Optical instrument measurement
Remote sensing simulations or inversions of leaf OPs require spectral measurements to verify accuracy. There are currently three main methods for measuring the OPs of leaves : (1) The instrument’s optical fibre is connected to a port on an external integrating sphere, such as the LI-1800-12 or ASD RTS-3ZC, with an internal halogen light source for measuring the diffuse reflectance or transmittance. (2) The instrument’s optical fibre is connected to unique accessories (plant probes and leaf clips) with an internal halogen light source. Using a double-sided rotating head containing a recessed background plate, reflectance (black panel, reflectance < 5%) and transmittance (Spectralon white panel, reflectance > 99% in the visible to the near-infrared band) measurements can be carried out simultaneously. This measurement method has the advantage of reducing external disturbances such as angle of incidence or unstable light sources. (3) The instrument’s fibre optic is connected to a gun (Pistol Grip), and the leaf is observed vertically, for example, in the laboratory with light as the light source or the field with the sun at any angle of incidence as the light source. Then the bi-directional reflectance factor is measured, assuming that sensors and sunlight are assumed to be mono-directional.

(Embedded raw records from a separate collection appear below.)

(* Let $(\mathbb{X},d)$ be a complete metric space, let $F=(\mathbb{X};f_1,\dots,f_N)$ be an invertible iterated function system, and let $A$ be a point-fibred attractor of $F$ with basin $B$ and fast basin $\widehat{B}=\bigcup_{k\ge0}(F^* )^k(A)$. Then $F^*(\widehat{B})=\widehat{B}$, and $\widehat{B}$ is the smallest subset of $\mathbb{X}$ that contains $A$ and is invariant under $F^*$, i.e. $\widehat{B}=\bigcap\{D\subseteq\mathbb{X}: F^*(D)=D,\ A\subseteq D\}$. Moreover: \begin{enumerate} \item if $A^o\neq\emptyset$, then $B\subseteq\widehat{B}$; \item if $A^o=\emptyset$, then $\widehat{B}^o=\emptyset$. \end{enumerate}
   Context: $S^o$ denotes the interior of $S$. An IFS $F=(\mathbb{X};f_1,\dots,f_N)$ consists of continuous maps $f_i:\mathbb{X}\to\mathbb{X}$; it is invertible if each $f_i$ is a homeomorphism, and then $F^*=(\mathbb{X};f_1^{-1},\dots,f_N^{-1})$ with $F^*(X)=\bigcup_i f_i^{-1}(X)$ and $(F^* )^k$ its $k$-fold iterate, $(F^* )^0(X)=X$. Similarly $F(X)=\bigcup_i f_i(X)$. A nonempty compact $A$ is an attractor of $F$ if $F(A)=A$ and there is an open $U\supset A$ with $F^k(S)\to A$ in the Hausdorff metric for every nonempty compact $S\subset U$; the basin $B$ is the union of all such open $U$. For $\omega\in[N]^\infty$ ($[N]=\{1,\dots,N\}$) let $f_{\omega|k}=f_{\omega_1}\circ\cdots\circ f_{\omega_k}$. $A$ is point-fibred if for every $\omega\in[N]^\infty$ and every nonempty compact $C\subset B$ the sequence $f_{\omega|k}(C)$ converges in the Hausdorff metric to a singleton independent of $C$. *)

From HB Require Import structures.
From mathcomp Require Import all_boot all_order all_algebra.
From mathcomp Require Import all_classical all_reals all_analysis.
Set Implicit Arguments. Unset Strict Implicit. Unset Printing Implicit Defensive.
Import Order.TTheory GRing.Theory Num.Theory.
Local Open Scope classical_set_scope.
Local Open Scope ring_scope.

Section IFS.
Variables (R : realType) (X : pseudoMetricType R).

(* A metric space: a pseudometric space that is Hausdorff (distinct points at
   positive distance).  Completeness is taken from completePseudoMetricType. *)

Definition enbhd (S : set X) (e : R) : set X :=
  [set y | exists2 a, S a & ball a e y].

(* Convergence in the Hausdorff metric (for nonempty compact sets):
   h(S k, A) -> 0. *)
Definition hconv (S : nat -> set X) (A : set X) : Prop :=
  forall e : R, 0 < e ->
    \forall k \near \oo, S k `<=` enbhd A e /\ A `<=` enbhd (S k) e.

Definition nonempty_compact (S : set X) : Prop := S !=set0 /\ compact S.

Definition homeomorphism (f : X -> X) : Prop :=
  continuous f /\ exists g : X -> X, [/\ cancel f g, cancel g f & continuous g].

Variable N : nat.
Variable f : 'I_N -> X -> X.

Definition Fimg (S : set X) : set X := \bigcup_i (f i @` S).

(* F^*(S) = U_i f_i^{-1}(S) (preimages; f_i are homeomorphisms) *)
Definition Fstar (S : set X) : set X := \bigcup_i (f i @^-1` S).

Definition attracting_nbhd (A U : set X) : Prop :=
  [/\ open U, A `<=` U &
      forall S, nonempty_compact S -> S `<=` U -> hconv (fun k => iter k Fimg S) A].

Definition is_attractor (A : set X) : Prop :=
  [/\ nonempty_compact A, Fimg A = A & exists U, attracting_nbhd A U].

Definition basin (A : set X) : set X :=
  \bigcup_(U in [set U | attracting_nbhd A U]) U.

(* f_{w|k} = f_{w_1} o ... o f_{w_k}  (words indexed from 0) *)
Fixpoint fword (w : nat -> 'I_N) (k : nat) : X -> X :=
  match k with
  | 0 => id
  | k'.+1 => fword w k' \o f (w k')
  end.

Definition point_fibred (A : set X) : Prop :=
  forall w : nat -> 'I_N, exists x : X,
    forall C, nonempty_compact C -> C `<=` basin A ->
      hconv (fun k => fword w k @` C) [set x].

Definition fast_basin (A : set X) : set X := \bigcup_k iter k Fstar A.

End IFS.

(* Since F(A) = A, every point of A has a preimage in A, so A is contained in
   F^*(A) and the iterates of F^* on A increase; their union is then
   F^*-invariant, and it lies in every F^*-invariant superset of A.
   If a is an interior point of A, following preimages backwards inside A gives
   a word w and points p_k in A with f_{w|k}(p_k) = a.  For x in the basin,
   point-fibredness applied to A ∪ {x} makes f_{w|k}(x) and f_{w|k}(p_k) = a
   eventually as close as we like, so f_{w|k}(x) lies in A and x in the k-th
   iterate of F^* on A.  If A has empty interior it is closed and nowhere
   dense; preimages under homeomorphisms and finite unions keep this property,
   so the fast basin is a countable union of nowhere dense sets and has empty
   interior by Baire's theorem. *)
From HB Require Import structures.
From mathcomp Require Import all_boot all_order all_algebra.
From mathcomp Require Import all_classical all_reals all_analysis.
Import Order.TTheory GRing.Theory Num.Theory.
Local Open Scope classical_set_scope.
Local Open Scope ring_scope.

Section NowhereDense.
Context {T : topologicalType}.

Definition nowhere_dense (S : set T) : Prop :=
  forall V : set T, open V -> V !=set0 ->
    exists W, [/\ open W, W !=set0 & W `<=` V `&` ~` S].

Lemma nowhere_denseS {S S' : set T} : S' `<=` S ->
  nowhere_dense S -> nowhere_dense S'.
Proof.
move=> S'S ndS V oV V0; have [W [oW W0 WV]] := ndS V oV V0.
exists W; split => // y /WV [Vy nSy]; split => //; exact: contra_not (@S'S y) nSy.
Qed.

Lemma nowhere_dense0 : nowhere_dense set0.
Proof. by move=> V oV V0; exists V; split => // y Vy; split. Qed.

Lemma nowhere_denseU {S S' : set T} :
  nowhere_dense S -> nowhere_dense S' -> nowhere_dense (S `|` S').
Proof.
move=> ndS ndS' V oV V0; have [W [oW W0 WV]] := ndS V oV V0.
have [W' [oW' W'0 W'W]] := ndS' W oW W0.
exists W'; split => // y /W'W [/WV [Vy nSy] nS'y]; split => // -[]//.
Qed.

Lemma nowhere_dense_bigcup_fin (I : finType) (G : I -> set T) :
  (forall i, nowhere_dense (G i)) -> nowhere_dense (\bigcup_i G i).
Proof.
move=> ndG; suff ndG_seq (s : seq I) :
    nowhere_dense [set y | exists2 i, i \in s & G i y].
  by apply: (nowhere_denseS _ (ndG_seq (enum I))) => y [i _ Gy]; exists i;
    rewrite ?mem_enum.
elim: s => [|i s IHs]; first by apply: (nowhere_denseS _ nowhere_dense0) => y [].
apply: (nowhere_denseS _ (nowhere_denseU (ndG i) IHs)).
by move=> y [j]; rewrite inE => /orP[/eqP ->|js] Gy; [left|right; exists j].
Qed.

Lemma closed_nowhere_dense (A : set T) :
  closed A -> A° = set0 -> nowhere_dense A.
Proof.
move=> cA A0 V oV [v Vv]; exists (V `&` ~` A); split => //.
  by apply: openI => //; rewrite openC.
apply/set0P/negP => /eqP VA.
suff : A° v by rewrite A0.
apply: filterS (open_nbhs_nbhs (conj oV Vv)) => y Vy.
by apply: contrapT => nAy; have : (V `&` ~` A) y by []; rewrite VA.
Qed.

End NowhereDense.

Section MetricNowhereDense.
Context {R : realType} {X : pseudoMetricType R}.

Lemma nowhere_dense_preimage (g : X -> X) (S : set X) :
  homeomorphism g -> nowhere_dense S -> nowhere_dense (g @^-1` S).
Proof.
move=> [cg [h [gK hK ch]]] ndS V oV [v Vv].
have ohV : open (h @^-1` V) by apply: open_comp => // y _; exact: ch.
have [W [oW [w Ww] WV]] := ndS _ ohV (ex_intro _ (g v) (eq_ind_r V Vv (gK v))).
exists (g @^-1` W); split.
- by apply: open_comp => // y _; exact: cg.
- by exists (h w); rewrite /= hK.
- by move=> y /WV [/= Vhgy nSgy]; split => //; rewrite -(gK y).
Qed.

Lemma nowhere_dense_ball {S : set X} (p : X) {r eps : R} :
  nowhere_dense S -> 0 < r -> 0 < eps ->
  exists q s, [/\ 0 < s, s <= eps & ball q (2 * s) `<=` ball p r `&` ~` S].
Proof.
move=> ndS r_gt0 eps_gt0.
have [W [oW [w Ww] WB]] := ndS _ (@open_interior _ (ball p r))
  (ex_intro _ p (nbhsx_ballx p r r_gt0)).
have [e e_gt0 BW] := (nbhs_ballP w W).1 (open_nbhs_nbhs (conj oW Ww)).
exists w, (Num.min (e / 2) eps); split.
- by rewrite lt_min divr_gt0.
- by rewrite ge_min lexx orbT.
- have le_e : 2 * Num.min (e / 2) eps <= e by rewrite -ler_pdivlMl // ge_min mulrC lexx.
  by move=> y /(le_ball le_e) /BW /WB [/interior_subset Bpy nSy].
Qed.

End MetricNowhereDense.

Section Baire.
Context {R : realType} {X : completePseudoMetricType R}.

Lemma nested_balls_point (x : nat -> X) (r : nat -> R) :
  (forall n, 0 < r n) -> (forall n, r n.+1 <= n.+1%:R^-1) ->
  (forall n, ball (x n.+1) (2 * r n.+1) `<=` ball (x n) (r n)) ->
  exists l, forall n, ball (x n.+1) (2 * r n.+1) l.
Proof.
move=> r_gt0 r_small nested.
have nestedS n m : (n <= m)%N -> ball (x m) (r m) `<=` ball (x n) (r n).
  elim: m => [|m IHm]; first by rewrite leqn0 => /eqP ->.
  rewrite leq_eqVlt => /orP[/eqP -> //|/IHm sub] y Bmy; apply/sub/nested.
  by apply: le_ball Bmy; rewrite ler_peMl ?(ltW (r_gt0 _)) ?ler1n.
have x_in n m : (n <= m)%N -> ball (x n) (r n) (x m).
  by move=> nm; apply: nestedS nm _ _; exact: ballxx.
have x_cvg : cvg (x @ \oo).
  apply: cauchy_cvg; apply: cauchy_exP => eps eps_gt0.
  exists (x (Num.truncn eps^-1).+1), (Num.truncn eps^-1).+1 => // m hm.
  apply: le_ball (x_in _ _ hm); apply: le_trans (r_small _) _.
  rewrite -[leRHS]invrK lef_pV2 ?posrE ?invr_gt0 ?ltr0n //.
  exact: ltW (truncnS_gt _).
exists (lim (x @ \oo)) => n.
have [M _ near_lim] := cvg_ball x_cvg (r_gt0 n.+1).
have /ball_sym Bl := near_lim _ (leq_maxl M n.+1).
have Bx := x_in n.+1 _ (leq_maxr M n.+1).
by rewrite mulr_natl mulr2n; exact: ball_triangle Bx Bl.
Qed.

Lemma interior_bigcup_nowhere_dense (C : nat -> set X) :
  (forall n, nowhere_dense (C n)) -> (\bigcup_n C n)° = set0.
Proof.
move=> ndC; apply/seteqP; split => // u /nbhs_ballP [r0 r0_gt0 Bu] /=.
(* [choice] needs a step on all triples, so positivity of the radius is a premise. *)
have step (nq : nat * (X * R)) : exists q' : X * R, 0 < nq.2.2 ->
    [/\ 0 < q'.2, q'.2 <= nq.1.+1%:R^-1 &
        ball q'.1 (2 * q'.2) `<=` ball nq.2.1 nq.2.2 `&` ~` C nq.1].
  case: nq => n [p r] /=; have [r_gt0|r_le0] := ltP 0 r; last first.
    by exists (p, r) => /=; rewrite ltNge r_le0.
  have eps_gt0 : 0 < n.+1%:R^-1 :> R by rewrite invr_gt0 ltr0n.
  have [q [s Hqs]] := nowhere_dense_ball p (ndC n) r_gt0 eps_gt0.
  by exists (q, s).
have [next Hnext] := choice step.
pose fix qr n := if n is m.+1 then next (m, qr m) else (u, r0).
have r_gt0 n : 0 < (qr n).2.
  by elim: n => [|n IHn] //; have [] := Hnext (n, qr n) IHn.
have Hqr n := Hnext (n, qr n) (r_gt0 n).
have [l Bl] : exists l, forall n, ball (qr n.+1).1 (2 * (qr n.+1).2) l.
  apply: (@nested_balls_point (fun n => (qr n).1) (fun n => (qr n).2)) => //.
    by move=> n; have [] := Hqr n.
  by move=> n y By; have [_ _ /(_ y By) []] := Hqr n.
have [_ _ /(_ l (Bl 0%N)) [/Bu [k _ Ckl] _]] := Hqr 0%N.
by have [_ _ /(_ l (Bl k)) []] := Hqr k.
Qed.

End Baire.

Section FastBasin.
Context {R : realType} {X : pseudoMetricType R} {N : nat} (f : 'I_N -> X -> X).

Lemma Fstar_subset (S S' : set X) : S `<=` S' -> Fstar f S `<=` Fstar f S'.
Proof. by move=> SS' y [i _ Sfy]; exists i => //; exact: SS'. Qed.

Lemma Fimg_sub_Fstar {A : set X} : Fimg f A = A -> A `<=` Fstar f A.
Proof.
move=> FA a Aa; have [i _ _] : Fimg f A a by rewrite FA.
by exists i => //=; rewrite -FA; exists i => //; exists a.
Qed.

Lemma iter_Fstar_fword (w : nat -> 'I_N) (S : set X) k x :
  S (fword f w k x) -> iter k (Fstar f) S x.
Proof. by elim: k x => [|k IHk] x //= /IHk; exists (w k). Qed.

Context {A : set X}.
Hypothesis AF : A `<=` Fstar f A.

Lemma iter_Fstar_subS k : iter k (Fstar f) A `<=` iter k.+1 (Fstar f) A.
Proof. by elim: k => [|k IHk] //=; exact: Fstar_subset. Qed.

Lemma Fstar_fast_basin : Fstar f (fast_basin f A) = fast_basin f A.
Proof.
apply/seteqP; split => y.
  by move=> [i _ [k _ Hk]]; exists k.+1 => //; exists i.
by move=> [k _ /iter_Fstar_subS [i _ Hi]]; exists i => //; exists k.
Qed.

Lemma fast_basin_bigcap :
  fast_basin f A = \bigcap_(D in [set D | Fstar f D = D /\ A `<=` D]) D.
Proof.
apply/seteqP; split => y; last first.
  by apply; split; [exact: Fstar_fast_basin | move=> a Aa; exists 0%N].
move=> [k _ Hk] D [FD AD]; elim: k y Hk => [|k IHk] //= y.
by rewrite -FD; exact: Fstar_subset.
Qed.

End FastBasin.

Section Attractor.
Context {R : realType} {X : completePseudoMetricType R} {N : nat}.
Variables (f : 'I_N -> X -> X) (A : set X).

Lemma backward_orbit {a : X} : Fimg f A = A -> A a ->
  exists (w : nat -> 'I_N) (p : nat -> X),
    (forall k, A (p k)) /\ forall k, fword f w k (p k) = a.
Proof.
move=> FA Aa; have [i0 _ _] : Fimg f A a by rewrite FA.
have pre y : exists q : 'I_N * X, A y -> A q.2 /\ f q.1 q.2 = y.
  have [Ay|nAy] := pselect (A y); last by exists (i0, y) => /nAy.
  by move: Ay; rewrite -{1}FA => -[i _ [z Az <-]]; exists (i, z).
have [h Hh] := choice pre.
pose fix p k := if k is m.+1 then (h (p m)).2 else a.
have pA k : A (p k) by elim: k => [|k IHk] //=; have [] := Hh _ IHk.
exists (fun k => (h (p k)).1), p; split => // k.
by elim: k => [|k IHk] //=; have [_ ->] := Hh _ (pA k).
Qed.

Lemma basin_sub_fast_basin : is_attractor f A -> point_fibred f A ->
  A° !=set0 -> basin f A `<=` fast_basin f A.
Proof.
move=> [[_ cA] FA [U [oU AU attrU]]] pfA [a Aa] x [V attrV Vx].
have [r r_gt0 BrA] := (nbhs_ballP a A).1 Aa.
have [w [p [pA pw]]] := backward_orbit FA (interior_subset Aa).
have [xw Hxw] := pfA w.
have AxB : A `|` [set x] `<=` basin f A.
  by move=> y [Ay|->]; [exists U => //; exact: AU | exists V].
have Ax_cpt : nonempty_compact (A `|` [set x]).
  by split; [exists a; left; exact: interior_subset | exact/compactU/compact_set1].
have [M _ HM] := Hxw _ Ax_cpt AxB _ (divr_gt0 r_gt0 (ltr0n _ 2)).
have [near_xw _] := HM M (leqnn M).
have [_ -> Bxp] := near_xw (fword f w M (p M)) (ex_intro2 _ _ _ (or_introl (pA M)) erefl).
have [_ -> Bxx] := near_xw (fword f w M x) (ex_intro2 _ _ x (or_intror erefl) erefl).
exists M => //; apply: (iter_Fstar_fword f w); apply: BrA.
by have := ball_triangle (ball_sym Bxp) Bxx; rewrite pw -splitr.
Qed.

Lemma fast_basin_interior0 : (forall i, homeomorphism (f i)) ->
  closed A -> A° = set0 -> (fast_basin f A)° = set0.
Proof.
move=> homf cA A0; apply: interior_bigcup_nowhere_dense => k.
elim: k => [|k IHk] /=; first exact: closed_nowhere_dense.
by apply: nowhere_dense_bigcup_fin => i; exact: nowhere_dense_preimage.
Qed.

End Attractor.

Theorem mainTheorem5 (R : realType) (X : completePseudoMetricType R)
  (HX : hausdorff_space X) (N : nat) (f : 'I_N -> X -> X)
  (Hf : forall i, homeomorphism (f i)) (A : set X)
  (HA : is_attractor f A) (Hpf : point_fibred f A) :
  [/\ Fstar f (fast_basin f A) = fast_basin f A,
      fast_basin f A = \bigcap_(D in [set D | Fstar f D = D /\ A `<=` D]) D,
      A° !=set0 -> basin f A `<=` fast_basin f A &
      A° = set0 -> (fast_basin f A)° = set0].
Proof.
have [[_ cA] FA _] := HA.
have AF := Fimg_sub_Fstar f FA.
split.
- exact: Fstar_fast_basin AF.
- exact: fast_basin_bigcap AF.
- exact: basin_sub_fast_basin.
- exact: fast_basin_interior0 Hf (compact_closed HX cA).
Qed.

Calibrating these data can be a daunting task, and most of the time, the calibration is not performed correctly. Few studies compare the reflectance of the same leaf recorded using different systems or spectrometers, each with a unique spectral resolution and sampling intervals. Castro-PhD Thesis, Université de Toulouse Esau et al.  perform an instrument comparison and standardization of sampling procedures. Depending on the instrument, they observe slight to severe differences in shape and amplitude between spectra of the same leaf. For some applications, such differences may not be significant at a practical level, as the calculated spectral indices are similar. For other applications, such as the use of physical models, such differences may be critical. Therefore, inverting PROSPECT model parameters using data measured by ASD probes or leaf clamps may lead to biased estimates of leaf biochemical parameters.

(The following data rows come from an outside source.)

(* An algebra $\mathbf{A}$ has a minority term if and only if it has a Maltsev term and a minority-majority term.
   Context: A ternary term $m(x,y,z)$ of an algebra $\mathbf{A}$ is a minority term if its interpretation on $A$ satisfies the identities $m(y,x,x)\approx m(x,y,x)\approx m(x,x,y)\approx y$. A ternary term $p(x,y,z)$ of $\mathbf{A}$ is a Maltsev term if $p(x,x,y)\approx p(y,x,x)\approx y$ holds in $\mathbf{A}$. A 6-ary term $t(x_1,\dots,x_6)$ of $\mathbf{A}$ is a minority-majority term if $\mathbf{A}$ satisfies $t(y,x,x,z,y,y)\approx y$, $t(x,y,x,y,z,y)\approx y$, and $t(x,x,y,y,y,z)\approx y$. *)

(* Universal algebra: an algebra is given by a carrier type A,
   a type F of operation symbols with arity ar : F -> nat, and interpretations
   op f : ('I_(ar f) -> A) -> A. *)
From mathcomp Require Import all_boot.
Set Implicit Arguments. Unset Strict Implicit. Unset Printing Implicit Defensive.

Inductive term (F : Type) (ar : F -> nat) (n : nat) : Type :=
  | Var of 'I_n
  | App (f : F) of ('I_(ar f) -> term ar n).

Fixpoint eval (A F : Type) (ar : F -> nat) (op : forall f : F, ('I_(ar f) -> A) -> A)
  (n : nat) (env : 'I_n -> A) (t : term ar n) : A :=
  match t with
  | Var i => env i
  | App f ts => op f (fun j => eval op env (ts j))
  end.

Definition top3 (A F : Type) (ar : F -> nat) (op : forall f : F, ('I_(ar f) -> A) -> A)
  (t : term ar 3) (x y z : A) : A :=
  eval op (fun i : 'I_3 => nth x [:: x; y; z] i) t.

Definition top6 (A F : Type) (ar : F -> nat) (op : forall f : F, ('I_(ar f) -> A) -> A)
  (t : term ar 6) (x1 x2 x3 x4 x5 x6 : A) : A :=
  eval op (fun i : 'I_6 => nth x1 [:: x1; x2; x3; x4; x5; x6] i) t.

Definition is_minority_term (A F : Type) (ar : F -> nat)
  (op : forall f : F, ('I_(ar f) -> A) -> A) (m : term ar 3) : Prop :=
  forall x y : A, top3 op m y x x = y /\ top3 op m x y x = y /\ top3 op m x x y = y.

Definition is_maltsev_term (A F : Type) (ar : F -> nat)
  (op : forall f : F, ('I_(ar f) -> A) -> A) (p : term ar 3) : Prop :=
  forall x y : A, top3 op p x x y = y /\ top3 op p y x x = y.

Definition is_minority_majority_term (A F : Type) (ar : F -> nat)
  (op : forall f : F, ('I_(ar f) -> A) -> A) (t : term ar 6) : Prop :=
  forall x y z : A,
    top6 op t y x x z y y = y /\ top6 op t x y x y z y = y /\ top6 op t x x y y y z = y.

(* A minority term is itself a Maltsev term, and m(x1,x2,x3) viewed as a 6-ary
   term is a minority-majority term.  Conversely, from a Maltsev term p and a
   minority-majority term t the term
     m(x,y,z) = t(x, y, z, p(y,x,z), p(x,y,z), p(x,z,y))
   is a minority term: on each of the three minority patterns two of the three
   Maltsev applications collapse to the value y, putting the arguments of t into
   the matching minority-majority pattern. *)
From mathcomp Require Import all_boot.
From Stdlib Require Import FunctionalExtensionality.
Set Implicit Arguments. Unset Strict Implicit.

Section TermSubstitution.
Variables (A F : Type) (ar : F -> nat) (op : forall f : F, ('I_(ar f) -> A) -> A).

Fixpoint subst n k (s : 'I_n -> term ar k) (t : term ar n) : term ar k :=
  match t with
  | Var i => s i
  | App f ts => App (fun j => subst s (ts j))
  end.

Lemma eval_subst n k (s : 'I_n -> term ar k) (env : 'I_k -> A) (t : term ar n) :
  eval op env (subst s t) = eval op (fun i => eval op env (s i)) t.
Proof.
elim: t => [i|f ts IH] //=; congr (op _).
by apply: functional_extensionality => j; exact: IH.
Qed.

Definition widen3 (t : term ar 3) : term ar 6 :=
  subst (fun i => Var ar (widen_ord (isT : 3 <= 6) i)) t.

Lemma top6_widen3 (t : term ar 3) x1 x2 x3 x4 x5 x6 :
  top6 op (widen3 t) x1 x2 x3 x4 x5 x6 = top3 op t x1 x2 x3.
Proof.
rewrite /top6 /top3 eval_subst; congr (eval _ _ _).
by apply: functional_extensionality => -[[|[|[|i]]] Hi].
Qed.

Definition var3 (i : nat) (Hi : i < 3) : term ar 3 := Var ar (Ordinal Hi).

Definition subst3 (t : term ar 3) (a b c : term ar 3) : term ar 3 :=
  subst (fun i => nth (@var3 0 isT) [:: a; b; c] i) t.

Definition subst6 (t : term ar 6) (a b c d e g : term ar 3) : term ar 3 :=
  subst (fun i => nth (@var3 0 isT) [:: a; b; c; d; e; g] i) t.

Lemma top3_var3 (i : nat) (Hi : i < 3) x y z :
  top3 op (var3 Hi) x y z = nth x [:: x; y; z] i.
Proof. by []. Qed.

Lemma top3_subst3 (t a b c : term ar 3) x y z :
  top3 op (subst3 t a b c) x y z =
  top3 op t (top3 op a x y z) (top3 op b x y z) (top3 op c x y z).
Proof.
rewrite /top3 eval_subst; congr (eval _ _ _).
by apply: functional_extensionality => -[[|[|[|i]]] Hi].
Qed.

Lemma top3_subst6 (t : term ar 6) (a b c d e g : term ar 3) x y z :
  top3 op (subst6 t a b c d e g) x y z =
  top6 op t (top3 op a x y z) (top3 op b x y z) (top3 op c x y z)
            (top3 op d x y z) (top3 op e x y z) (top3 op g x y z).
Proof.
rewrite /top3 /top6 eval_subst; congr (eval _ _ _).
by apply: functional_extensionality => -[[|[|[|[|[|[|i]]]]]] Hi].
Qed.

End TermSubstitution.

Section MinorityTerms.
Variables (A F : Type) (ar : F -> nat) (op : forall f : F, ('I_(ar f) -> A) -> A).

Lemma minority_maltsev (m : term ar 3) :
  is_minority_term op m -> is_maltsev_term op m.
Proof. by move=> Hm x y; have [? [? ?]] := Hm x y. Qed.

Lemma minority_minority_majority (m : term ar 3) :
  is_minority_term op m -> is_minority_majority_term op (widen3 m).
Proof. by move=> Hm x y z; rewrite !top6_widen3; exact: Hm. Qed.

Definition minority_of_maltsev (p : term ar 3) (t : term ar 6) : term ar 3 :=
  let x := var3 ar (isT : 0 < 3) in
  let y := var3 ar (isT : 1 < 3) in
  let z := var3 ar (isT : 2 < 3) in
  subst6 t x y z (subst3 p y x z) (subst3 p x y z) (subst3 p x z y).

Lemma minority_of_maltsevP (p : term ar 3) (t : term ar 6) :
  is_maltsev_term op p -> is_minority_majority_term op t ->
  is_minority_term op (minority_of_maltsev p t).
Proof.
move=> Hp Ht x y.
rewrite /minority_of_maltsev !top3_subst6 !top3_subst3 !top3_var3 /=.
have [-> ->] := Hp x y.
have [H1 [H2 H3]] := Ht x y (top3 op p x y x).
by split; [exact: H1 | split; [exact: H2 | exact: H3]].
Qed.

End MinorityTerms.

Theorem theorem3p1 (A F : Type) (ar : F -> nat)
  (op : forall f : F, ('I_(ar f) -> A) -> A) :
  (exists m : term ar 3, is_minority_term op m) <->
  ((exists p : term ar 3, is_maltsev_term op p) /\
   (exists t : term ar 6, is_minority_majority_term op t)).
Proof.
split.
- move=> [m Hm]; split.
  + by exists m; exact: minority_maltsev.
  + by exists (widen3 m); exact: minority_minority_majority.
- move=> [[p Hp] [t Ht]].
  by exists (minority_of_maltsev p t); exact: minority_of_maltsevP.
Qed.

Simulation of leaf radiative transfer
Variations of leaf reflectance and transmittance are modelled by analyzing the interaction processes of electromagnetic waves with the biochemical components within the leaf and the leaf structure. Light propagation in plant leaves is mainly governed by absorption and scattering interactions. In parallel with advances in experimental measurements of the OPs of leaves, deterministic methods using different representations of the interaction of light with plant leaves have been developed. These models differ depending on the underlying physics and the complexity of the leaf. The simplest models treat the leaf as a single scattering and absorbing layer, while in the most complex models, all cells’ shape, size, location, and biochemical content are described in detail. Regardless of the approach used, these models have improved understanding of the interaction of light with plant leaves. Baranoski and Rokne , Ustin et al. , and Jacquemoud et al.  have extensively reviewed computer-based leaf models that have improved the understanding of the interaction between light and plant leaves from the late 1960s to the present. These models are divided into different categories and arranged in increasing complexity .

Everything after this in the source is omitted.